The FOMC statement, Brexit and the climax of Q3 earnings are all converging on October 30th along with major economic releases. This will be a critical time frame for the market.
Swing traders should be short out of the money bullish put spreads. I would not add to positions now. We entered these trades at much lower levels last week. If you followed my instructions your short strike is below major technical support. Use that as your stop and let time decay work its magic. If you can purchase the spreads for pennies, do so. I am expecting a new round of tariffs and the face-to-face negotiations will prove to have been a waste of time. Fortunately, I don't think the market cares much about a trade deal with China at this juncture. There might be a drop on the news, but support at the major moving averages will hold. If this plays out our October bullish put spreads will expire and we will look for new put spreads to sell in November.
Day traders should tread cautiously on the open. The overnight news was fairly negative and I believe we could have some negative tweets today. I would not be surprised if the next round of tariffs is imposed ($250 billion worth of Chinese goods will be taxed at 30% rate instead of 25%).

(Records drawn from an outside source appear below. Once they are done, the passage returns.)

(* Assume the setting described in the context and suppose the event $\mathcal{E}$ holds. There is an absolute constant $C>0$ such that for any $\gamma\in(0,1)$, if $$ m\ \ge\ C\frac{(1+\theta)^2}{\theta^2(1-\gamma)^2}s^2(1)\log n, $$ then the set $S^{(1)}=\{j^\ast\}$, where $j^\ast$ maximizes $|\hat{\boldsymbol{\Gamma}}_{jj}|$ over $j\in[n]$, satisfies $$ \|\mathbf{v}_{S^{(1)}}\|_2\ \ge\ \sqrt{\frac{\gamma}{s(1)}}. $$
   Context: Let $n\ge 2$, $m\ge1$, $\theta>0$, $k\in[n]$; $\mathbf{v}\in\mathbb{R}^n$ a unit vector with at most $k$ nonzero entries; $\mathbf{x}_1,\dots,\mathbf{x}_m$ i.i.d. $\mathcal{N}(\mathbf{0},\mathbf{I}_n+\theta\mathbf{v}\mathbf{v}^\top)$; $\hat{\boldsymbol{\Gamma}}=\frac1m\sum_i\mathbf{x}_i\mathbf{x}_i^\top-\mathbf{I}_n$; $\mathbf{W}=\hat{\boldsymbol{\Gamma}}-\theta\mathbf{v}\mathbf{v}^\top$. $\mathbf{v}_S$ is the restriction of $\mathbf{v}$ to $S$, $\mathbf{W}_{S,S}$ a principal submatrix, $\|\cdot\|_2$ Euclidean/spectral norm. $v_{(1)}\ge v_{(2)}\ge\cdots$ are the sorted absolute entries of $\mathbf{v}$ and $s(p)=(\sum_{i=1}^pv_{(i)}^2)^{-1}$; in particular $s(1)=v_{(1)}^{-2}$. Fix an absolute constant $C_0>0$; $\mathcal{E}$ is the event that $\|\mathbf{W}_{S,S}\|_2\le C_0(1+\theta)\sqrt{|S|\log n/m}$ for all nonempty $S\subseteq[n]$. Absolute constants do not depend on $n,m,k,\theta,\mathbf{v},\gamma$. *)

From HB Require Import structures.
From mathcomp Require Import all_boot all_order all_algebra.
From mathcomp Require Import all_classical all_reals exp.
Set Implicit Arguments. Unset Strict Implicit. Unset Printing Implicit Defensive.
Import Order.TTheory GRing.Theory Num.Theory.
Local Open Scope ring_scope.
Local Open Scope classical_set_scope.

Section Defs.
Variable R : realType.

Definition vnorm2 q (u : 'cV[R]_q) : R := Num.sqrt (\sum_i (u i ord0) ^+ 2).

Definition specnorm p q (A : 'M[R]_(p, q)) : R :=
  sup [set vnorm2 (A *m u) | u in [set u : 'cV[R]_q | vnorm2 u <= 1]].

(* principal submatrix A_{S,S} (indices of S in increasing order) *)
Definition prinsub n (A : 'M[R]_n) (S : {set 'I_n}) : 'M[R]_#|S| :=
  \matrix_(i < #|S|, j < #|S|) A (enum_val i) (enum_val j).

Definition restr_norm n (v : 'cV[R]_n) (S : {set 'I_n}) : R :=
  Num.sqrt (\sum_(i in S) (v i ord0) ^+ 2).

Definition vmax1 n (v : 'cV[R]_n) : R := \big[Num.max/0]_i `|v i ord0|.
Definition s1 n (v : 'cV[R]_n) : R := (vmax1 v ^+ 2)^-1.

Definition hatGamma n m (x : 'I_m -> 'cV[R]_n) : 'M[R]_n :=
  (m%:R)^-1 *: (\sum_i (x i *m (x i)^T)) - 1%:M.

Definition Wmat n m (x : 'I_m -> 'cV[R]_n) (theta : R) (v : 'cV[R]_n) : 'M[R]_n :=
  hatGamma x - theta *: (v *m v^T).

Definition eventE n m (x : 'I_m -> 'cV[R]_n) (theta : R) (v : 'cV[R]_n) (C0 : R) : Prop :=
  forall S : {set 'I_n}, (0 < #|S|)%N ->
    specnorm (prinsub (Wmat x theta v) S)
      <= C0 * (1 + theta) * Num.sqrt (#|S|%:R * ln (n%:R) / m%:R).
End Defs.

From HB Require Import structures.
From mathcomp Require Import all_boot all_order all_algebra.
From mathcomp Require Import all_classical all_reals exp.
From mathcomp Require Import ring lra.

Set Implicit Arguments.
Unset Strict Implicit.
Unset Printing Implicit Defensive.

Import Order.TTheory GRing.Theory Num.Theory.
Local Open Scope ring_scope.

(* Gamma_jj = W_jj + theta v_j^2, and on E each |W_jj|, being the norm of a
   1x1 principal submatrix, is at most eps = C0 (1 + theta) sqrt(log n / m).
   Comparing the maximal diagonal entry with the one at a largest |v_j| gives
   theta v_(1)^2 - eps <= theta v_j*^2 + eps, and the sample-size condition is
   exactly 2 eps <= theta (1 - gamma) v_(1)^2, whence v_j*^2 >= gamma v_(1)^2. *)

Section SpectralNorm.
Variable R : realType.

Lemma normr_le_vnorm2 q (u : 'cV[R]_q) i : `|u i ord0| <= vnorm2 u.
Proof.
rewrite /vnorm2 -sqrtr_sqr ler_sqrt ?sumr_ge0 // => [|j _]; last exact: sqr_ge0.
by rewrite (bigD1 i) //= lerDl sumr_ge0 // => j _; rewrite sqr_ge0.
Qed.

Lemma vnorm2_delta q (j : 'I_q) : vnorm2 (delta_mx j 0 : 'cV[R]_q) = 1.
Proof.
rewrite /vnorm2 (bigD1 j) //= big1 => [|i /negbTE nij]; last by rewrite mxE nij expr0n.
by rewrite mxE !eqxx expr1n addr0 sqrtr1.
Qed.

Lemma vnorm2_mulmx_le p q (A : 'M[R]_(p, q)) (u : 'cV[R]_q) : vnorm2 u <= 1 ->
  vnorm2 (A *m u) <= vnorm2 (\col_k \sum_l `|A k l|).
Proof.
move=> u_le1; rewrite ler_sqrt ?sumr_ge0 // => [|k _]; last exact: sqr_ge0.
apply: ler_sum => k _; rewrite !mxE -real_normK ?num_real //.
rewrite ler_sqr ?nnegrE ?sumr_ge0 //.
apply: le_trans; first exact: ler_norm_sum.
apply: ler_sum => l _.
rewrite normrM ler_piMr //; apply: le_trans u_le1; exact: normr_le_vnorm2.
Qed.

Lemma mxentry_le_specnorm p q (A : 'M[R]_(p, q)) i j : `|A i j| <= specnorm A.
Proof.
have delta_in_ball : vnorm2 (delta_mx j 0 : 'cV[R]_q) <= 1 by rewrite vnorm2_delta.
have -> : A i j = col j A i ord0 by rewrite mxE.
rewrite colE.
apply: le_trans; first exact: normr_le_vnorm2.
apply: sup_upper_bound; last by exists (delta_mx j 0).
split; first by exists (vnorm2 (A *m delta_mx j 0)), (delta_mx j 0).
by exists (vnorm2 (\col_k \sum_l `|A k l|)) => _ [u u_le1 <-]; exact: vnorm2_mulmx_le.
Qed.

End SpectralNorm.

Section DiagonalSelection.
Variable R : realType.

Lemma prinsub_set1 n (A : 'M[R]_n) i (j : 'I_#|[set i]|) :
  prinsub A [set i] j j = A i i.
Proof. by rewrite mxE; have /set1P -> := enum_valP j. Qed.

Lemma eventE_diag n m (x : 'I_m -> 'cV[R]_n) theta v C0 i :
  eventE x theta v C0 ->
  `|Wmat x theta v i i| <= C0 * (1 + theta) * Num.sqrt (ln n%:R / m%:R).
Proof.
have set1_gt0 : (0 < #|[set i]|)%N by rewrite cards1.
move=> /(_ _ set1_gt0).
rewrite [in X in _ <= X]cards1 mul1r; apply: le_trans.
rewrite -(prinsub_set1 _ (enum_rank_in (set11 i) i)); exact: mxentry_le_specnorm.
Qed.

Lemma hatGamma_diag n m (x : 'I_m -> 'cV[R]_n) theta v i :
  hatGamma x i i = Wmat x theta v i i + theta * v i ord0 ^+ 2.
Proof. by rewrite !mxE big_ord1 !mxE expr2 subrK. Qed.

Lemma vmax1_attained n (v : 'cV[R]_n) : (0 < n)%N ->
  exists j, vmax1 v = `|v j ord0|.
Proof.
move=> n_gt0; pose i0 := Ordinal n_gt0.
by exists [arg max_(j > i0) `|v j ord0|]%O; rewrite /vmax1 (bigmax_eq_arg _ i0).
Qed.

Lemma max_diag_selection (theta eps gamma a2 b2 w0 w1 : R) :
  0 < theta -> `|w0| <= eps -> `|w1| <= eps -> 0 <= b2 ->
  `|w0 + theta * a2| <= `|w1 + theta * b2| ->
  2 * eps <= theta * (1 - gamma) * a2 -> gamma * a2 <= b2.
Proof.
move=> theta_gt0 /ler_normlP[w0_ge _] w1_le b2_ge0 sel gap.
have lower := ler_norm (w0 + theta * a2).
have upper : `|w1 + theta * b2| <= `|w1| + theta * b2.
  have := ler_normD w1 (theta * b2).
  by rewrite [`|theta * b2|]ger0_norm // mulr_ge0 // ltW.
have gapE : theta * (1 - gamma) * a2 = theta * a2 - theta * (gamma * a2) by ring.
rewrite gapE in gap; rewrite -(ler_pM2l theta_gt0); lra.
Qed.

Lemma noise_le_gap (c L M t : R) : 0 <= c -> 0 <= L -> 0 < M -> 0 < t ->
  4 * c ^+ 2 * L / t ^+ 2 <= M -> 2 * (c * Num.sqrt (L / M)) <= t.
Proof.
move=> c_ge0 L_ge0 M_gt0 t_gt0; rewrite ler_pdivrMr ?exprn_gt0 // => bound.
rewrite -ler_sqr ?nnegrE ?(ltW t_gt0) ?mulr_ge0 ?sqrtr_ge0 //.
rewrite !exprMn sqr_sqrtr ?divr_ge0 ?(ltW M_gt0) //.
have -> : 2 ^+ 2 * (c ^+ 2 * (L / M)) = 4 * c ^+ 2 * L / M by ring.
by rewrite ler_pdivrMr // [t ^+ 2 * M]mulrC.
Qed.

End DiagonalSelection.

Theorem proposition3 (R : realType) (C0 : R) (hC0 : 0 < C0) :
  exists C : R, 0 < C /\
  forall (n m k : nat) (theta : R) (v : 'cV[R]_n) (x : 'I_m -> 'cV[R]_n)
         (gamma : R) (jstar : 'I_n),
    (2 <= n)%N -> (1 <= m)%N -> 0 < theta -> (1 <= k <= n)%N ->
    \sum_i (v i ord0) ^+ 2 = 1 ->
    (#|[set i | v i ord0 != 0%R]| <= k)%N ->
    eventE x theta v C0 ->
    0 < gamma < 1 ->
    m%:R >= C * (1 + theta) ^+ 2 / (theta ^+ 2 * (1 - gamma) ^+ 2)
              * (s1 v) ^+ 2 * ln (n%:R) ->
    (forall j : 'I_n, `|hatGamma x j j| <= `|hatGamma x jstar jstar|) ->
    restr_norm v [set jstar] >= Num.sqrt (gamma / s1 v).
Proof.
exists (4 * C0 ^+ 2); split; first by rewrite mulr_gt0 // exprn_gt0.
move=> n m k theta v x gamma jstar n_ge2 m_ge1 theta_gt0 _ _ _ hE
  /andP[gamma_gt0 gamma_lt1] m_large jstar_max.
have [j0 vmax1E] := vmax1_attained v (ltnW n_ge2).
rewrite /restr_norm big_set1 /s1 vmax1E real_normK ?num_real // in m_large *.
(* If v = 0 then s(1) = 0^-1 = 0 and the bound is trivial. *)
have [-> | v_j0_neq0] := eqVneq (v j0 ord0) 0.
  by rewrite expr0n !invr0 mulr0 sqrtr0 sqrtr_ge0.
rewrite invrK ler_sqrt ?sqr_ge0 //.
apply: (max_diag_selection theta_gt0 (eventE_diag j0 hE) (eventE_diag jstar hE) (sqr_ge0 _)).
  by rewrite -!hatGamma_diag.
have gap_gt0 : 0 < theta * (1 - gamma) * v j0 ord0 ^+ 2.
  by rewrite mulr_gt0 ?exprn_even_gt0 ?v_j0_neq0 ?orbT // mulr_gt0 ?subr_gt0.
apply: noise_le_gap => //.
- by rewrite mulr_ge0 ?addr_ge0 ?ltW.
- by rewrite ln_ge0 // ler1n ltnW.
- by rewrite ltr0n.
apply: le_trans m_large; rewrite le_eqVlt; apply/predU1P; left.
by field; rewrite v_j0_neq0 !gt_eqF ?subr_gt0.
Qed.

Support is at SPY $298 and $296. Resistance is at $302. I am still favoring the long side, but I am more cautious as we get closer to the all-time high. US/China relations are very strained and any news on this front could spark selling. Wait for market support and day trade stocks with relative strength. Take profits quickly knowing that news could hit the wires at any time. If the market makes a new low after two hours of trading, favor the short side. Earnings season is cranking up and I will be trading stocks that have posted overnight and that are gapping higher.
We caught a nice bounce in the last week and it is time to manage profits. The headwinds will be blowing from this point forward.